Maxion, Anna; Gaebler, Arnim Johannes; Röhrig, Rainer; Mathiak, Klaus; Zweerings, Jana; Kutafina, Ekaterina.
Afiliação
  • Maxion A; Research Group Neuroscience, Interdisciplinary Center for Clinical Research Within the Faculty of Medicine, RWTH Aachen University, Aachen, Germany. Electronic address: anna.maxion@rwth-aachen.de.
  • Gaebler AJ; Department of Psychiatry, Psychotherapy and Psychosomatics, Medical Faculty, RWTH Aachen University, Aachen, Germany; Institute of Physiology, Medical Faculty, RWTH Aachen University, Aachen, Germany.
  • Röhrig R; Institute of Medical Informatics, Medical Faculty, RWTH Aachen University, Aachen, Germany.
  • Mathiak K; Department of Psychiatry, Psychotherapy and Psychosomatics, Medical Faculty, RWTH Aachen University, Aachen, Germany.
  • Zweerings J; Department of Psychiatry, Psychotherapy and Psychosomatics, Medical Faculty, RWTH Aachen University, Aachen, Germany.
  • Kutafina E; Institute of Medical Informatics, Medical Faculty, RWTH Aachen University, Aachen, Germany; Institute for Biomedical Informatics, Faculty of Medicine, University Hospital Cologne, University of Cologne, Cologne, Germany.
Comput Methods Programs Biomed ; 255: 108319, 2024 Jul 06.
Article em En | MEDLINE | ID: mdl-39047578
ABSTRACT
BACKGROUND AND

OBJECTIVES:

The increasing amount of open-access medical data provides new opportunities to gain clinically relevant information without recruiting new patients. We developed an open-source computational pipeline, that utilizes the publicly available electroencephalographic (EEG) data of the Temple University Hospital to identify EEG profiles associated with the usage of neuroactive medications. It facilitates access to the data and ensures consistency in data processing and analysis, thus reducing the risk of errors and creating comparable and reproducible results.

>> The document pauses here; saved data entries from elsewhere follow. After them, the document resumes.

(* Let $f\in\mathrm{Homeo}_*(\mathbb{T}^2)$, let $F:\mathbb{R}^2\to\mathbb{R}^2$ be a lift of $f$, and let $D\subset\mathbb{R}^2$ be a closed topological disk. Then there exist no integer $N\ne0$ and $(p,q)\in\mathbb{Z}^2$ such that $F^N(D)\subseteq T_{p,q}(D)$ or $T_{p,q}(D)\subseteq F^N(D)$, where $T_{p,q}(x,y)=(x+p,y+q)$.
   Context: $\mathbb{T}^2=\mathbb{R}^2/\mathbb{Z}^2$. $\mathrm{Homeo}_*(\mathbb{T}^2)$ is the set of homeomorphisms of $\mathbb{T}^2$ isotopic to the identity whose rotation set (the set of limit points mod $\mathbb{Z}^2$ of $(F^{n_k}(\tilde z)-\tilde z)/n_k$, $n_k\to\infty$, $\tilde z\in\mathbb{R}^2$, for a lift $F$) is a single point $(\alpha,\beta)\bmod\mathbb{Z}^2$ with $1,\alpha,\beta$ rationally independent. *)

From Stdlib Require Import Reals ZArith.
Open Scope R_scope.

Definition pt := (R * R)%type.

(* max-norm distance on R^2 (induces the usual topology) *)
Definition dist2 (z w : pt) : R := Rmax (Rabs (fst z - fst w)) (Rabs (snd z - snd w)).

Definition cont2 (f : pt -> pt) : Prop :=
  forall z eps, eps > 0 -> exists d, d > 0 /\
    forall w, dist2 z w < d -> dist2 (f z) (f w) < eps.

Definition cont2_on (A : pt -> Prop) (f : pt -> pt) : Prop :=
  forall z, A z -> forall eps, eps > 0 -> exists d, d > 0 /\
    forall w, A w -> dist2 z w < d -> dist2 (f z) (f w) < eps.

Definition homeo2 (F G : pt -> pt) : Prop :=
  cont2 F /\ cont2 G /\ (forall z, G (F z) = z) /\ (forall z, F (G z) = z).

Definition T (p q : Z) (z : pt) : pt := (fst z + IZR p, snd z + IZR q).

(* F commutes with integer translations: F is a lift of a homeomorphism of
   T^2 acting trivially on pi_1, i.e. isotopic to the identity. *)
Definition is_lift (F : pt -> pt) : Prop :=
  forall p q z, F (T p q z) = T p q (F z).

Fixpoint iter (n : nat) (f : pt -> pt) (z : pt) : pt :=
  match n with O => z | S k => f (iter k f z) end.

Using this pipeline, we analyze the influence of common neuroactive medications on brain activity.

METHODS:

The pipeline is constructed using easily controlled modules. The user defines the medications of interest and comparison groups. The data is downloaded and preprocessed, spectral features are extracted, and statistical group comparison with visualization through a topographic EEG map is performed. The pipeline is adjustable to answer a variety of research questions. Here, the effects of carbamazepine and risperidone were statistically compared with control data and with other medications from the same classes (anticonvulsants and antipsychotics).

RESULTS:

The comparison between carbamazepine and the control group showed an increase in absolute and relative power for delta and theta, and a decrease in relative power for alpha, beta, and gamma. Compared to antiseizure medications, carbamazepine showed an increase in alpha and theta for absolute powers, and for relative powers an increase in alpha and theta, and a decrease in gamma and delta. Risperidone compared with the control group showed a decrease in absolute and relative power for alpha and beta and an increase in theta for relative power. Compared to antipsychotic medications, risperidone showed a decrease in delta for absolute powers. These results show good agreement with state-of-the-art research. The database allows to create large groups for many different medications. Additionally, it provides a collection of records labeled as "normal" after expert assessment, which is convenient for the creation of control groups.

CONCLUSIONS:

The pipeline allows fast testing of different hypotheses regarding links between medications and EEG spectrum through ecological usage of readily available data. It can be utilized to make informed decisions about the design of new clinical studies.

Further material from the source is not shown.